----- Data for the task -----

Lemma mix_all_emb l g : uniq l -> {in l, forall j, (j < n)%N} ->
  exists f, [/\ mix_all l *m emb g = vec f,
    forall i, (i <= n)%N -> f i = foldr (@avg C) g l i,
    f acc_state = 0 &
    forall j, (j < n)%N -> j \notin l -> f (n.+1 + j) = 0 /\ f ((2 * n).+1 + j) = 0].
Proof.
elim: l => [|j l IH] /= => [_ _|/andP[jl ul] ln].
  exists (fun i => if (i <= n)%N then g i else 0); rewrite mul1mx.
  split=> [|i ->||j' _ _] //; first by rewrite ifN // -ltnNge /acc_state; lia.
  by rewrite !ifN // -ltnNge; lia.
have jn : (j < n)%N by apply: ln; rewrite mem_head.
have [|f [fE fl facc fslots]] := IH ul.
  by move=> j' j'l; apply: ln; rewrite inE j'l orbT.
have [fj1 fj2] := fslots j jn jl.
eexists; split; first by rewrite -mulmxA fE mix_mx_vec.
- move=> i ni; rewrite /avg -!fl //; last lia.
  rewrite /mix_dir /delta.
  case: (i =P j) => [->|ij]; decide_nat_eqs => /=; first by field.
  case: (i =P j.+1) => [->|ij1]; decide_nat_eqs => /=; first by field.
  by decide_nat_eqs => /=; ring.
- by rewrite /= facc /mix_dir /delta /acc_state; decide_nat_eqs => /=; ring.
- move=> j' j'n; rewrite inE negb_or => /andP[/eqP jj' j'l].
  have [g1 g2] := fslots j' j'n j'l.
  by rewrite g1 g2 /mix_dir /delta; split; decide_nat_eqs => /=; ring.
Qed.

Lemma mem_Qnon (i : 'I_nstates) : (i \in Qnon subseq_qfa) = (i <= n)%N.
Proof.
move: (ltn_ord i); rewrite !inE /= /nstates /acc_state => ilt.
by apply/idP/idP; lia.
Qed.

Lemma projS_Qnon_vec f : projS (Qnon subseq_qfa) (vec f) = emb f.
Proof. by apply/matrixP => i k; rewrite !mxE mem_Qnon. Qed.

Lemma projS_acc_vec f :
  projS acc_states (vec f) = vec (fun i => if i == acc_state then f i else 0).
Proof. by apply/matrixP => i k; rewrite !mxE inE. Qed.

Lemma read_letter_emb s g :
  projS (Qnon subseq_qfa) (mix_all (positions z s) *m emb g) = emb (read_amp g s) /\
  projS acc_states (mix_all (positions z s) *m emb g) = 0.
Proof.
have [f [fE fl facc _]] := mix_all_emb g (positions_uniq z s) (@positions_lt _ z s).
rewrite fE projS_Qnon_vec projS_acc_vec; split.
  by apply/matrixP => i k; rewrite !mxE; case: ifP => // /fl.
by apply/matrixP => i k; rewrite !mxE; case: eqP => // ->.
Qed.

Lemma sqnorm_projS_acc f : sqnorm (projS acc_states (vec f)) = `|f acc_state| ^+ 2.
Proof.
have accn : (acc_state < nstates)%N by [].
rewrite /sqnorm (bigD1 (Ordinal accn)) //= !mxE inE eqxx big1 ?addr0 // => i.
by rewrite -val_eqE !mxE inE => /negbTE /= ->; rewrite normr0 expr0n.
Qed.

Lemma run_subseq_qfa x : (run subseq_qfa (map Some x)).1 = (emb (amp x), 0).
Proof.
elim/last_ind: x => [|x s IH].
  congr (_, _); apply/matrixP => i k; rewrite !mxE -val_eqE /=.
  by case: ifP => // /negbT; rewrite -ltnNge; case: (val i).
rewrite /run map_rcons foldl_rcons -/(run _ _).
case: (run _ _) IH => [[psi pacc] prej] /= [-> ->].
have [-> acc0] := read_letter_emb s (amp x).
by rewrite acc0 sqnorm0 addr0 [in RHS]/amp foldl_rcons.
Qed.

Lemma accept_prob_subseq_qfa x : accept_prob subseq_qfa x = `|amp x n| ^+ 2.
Proof.
rewrite /accept_prob /run foldl_cat -/(run _ _) /=.
case: (run _ _) (run_subseq_qfa x) => [[psi pacc] prej] /= [-> ->].
rewrite add0r householder_vec.
rewrite (sum_accept_dir (fun k => if (k <= n)%N then amp x k else 0)) /=.
rewrite sqnorm_projS_acc.
rewrite /accept_dir /delta /acc_state; decide_nat_eqs => /=.
have lt3n : (3 * n < n)%N = false by apply/negbTE; rewrite -leqNgt; lia.
by rewrite leqnn lt3n; congr (`|_| ^+ _); ring.
Qed.

Lemma subseq_qfa_end_decisive : end_decisive subseq_qfa.
Proof.
move=> x s; case: (run _ _) (run_subseq_qfa x) => [[psi pacc] prej] /= [-> _].
by have [_ ->] := read_letter_emb s (amp x).
Qed.

Lemma accept_prob_subseq x :
  subseq z x -> ((2^-1) ^+ n) ^+ 2 <= accept_prob subseq_qfa x.
Proof.
move=> zx; have amp_ge := amp_subseq C zx.
have pos : 0 <= (2^-1 : C) ^+ n by rewrite exprn_ge0 // invr_ge0 ler0n.
rewrite accept_prob_subseq_qfa ger0_norm ?(le_trans pos) //.
by rewrite !expr2 ler_pM.
Qed.

Lemma accept_prob_not_subseq x : ~~ subseq z x -> accept_prob subseq_qfa x = 0.
Proof.
by move/(amp_not_subseq C); rewrite accept_prob_subseq_qfa => ->; rewrite normr0 expr0n.
Qed.

End Machine.

Theorem theorem4p7 (R : realType) (Sigma : finType) (z : seq Sigma) :
  exists M : mmqfa R[i] Sigma,
    mmqfa_wf M /\ end_decisive M /\ accepts_bounded_positive_one_sided M (Lz z).
Proof.
exists (subseq_qfa R[i] z); split; first exact: subseq_qfa_wf.
split; first exact: subseq_qfa_end_decisive.
set t : R[i] := ((2^-1) ^+ size z) ^+ 2.
have t_gt0 : 0 < t by rewrite !exprn_gt0 // invr_gt0 ltr0n.
exists (t / 2); split=> [|x]; first by rewrite divr_gt0.
split=> [zx|/negP/accept_prob_not_subseq //].
apply: lt_le_trans (accept_prob_subseq R[i] zx).
by rewrite ltr_pdivrMr // ltr_pMr // ltr1n.
Qed.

-----

» **Your task**
What you give back should be exactly the lines of the data above from the line with "by rewrite !ifN // -ltnNge; lia." through the line with "case: (i =P j.+1)", both of those included, and nothing more.

» **Answer area**
  by rewrite !ifN // -ltnNge; lia.
have jn : (j < n)%N by apply: ln; rewrite mem_head.
have [|f [fE fl facc fslots]] := IH ul.
  by move=> j' j'l; apply: ln; rewrite inE j'l orbT.
have [fj1 fj2] := fslots j jn jl.
eexists; split; first by rewrite -mulmxA fE mix_mx_vec.
- move=> i ni; rewrite /avg -!fl //; last lia.
  rewrite /mix_dir /delta.
  case: (i =P j) => [->|ij]; decide_nat_eqs => /=; first by field.
  case: (i =P j.+1) => [->|ij1]; decide_nat_eqs => /=; first by field.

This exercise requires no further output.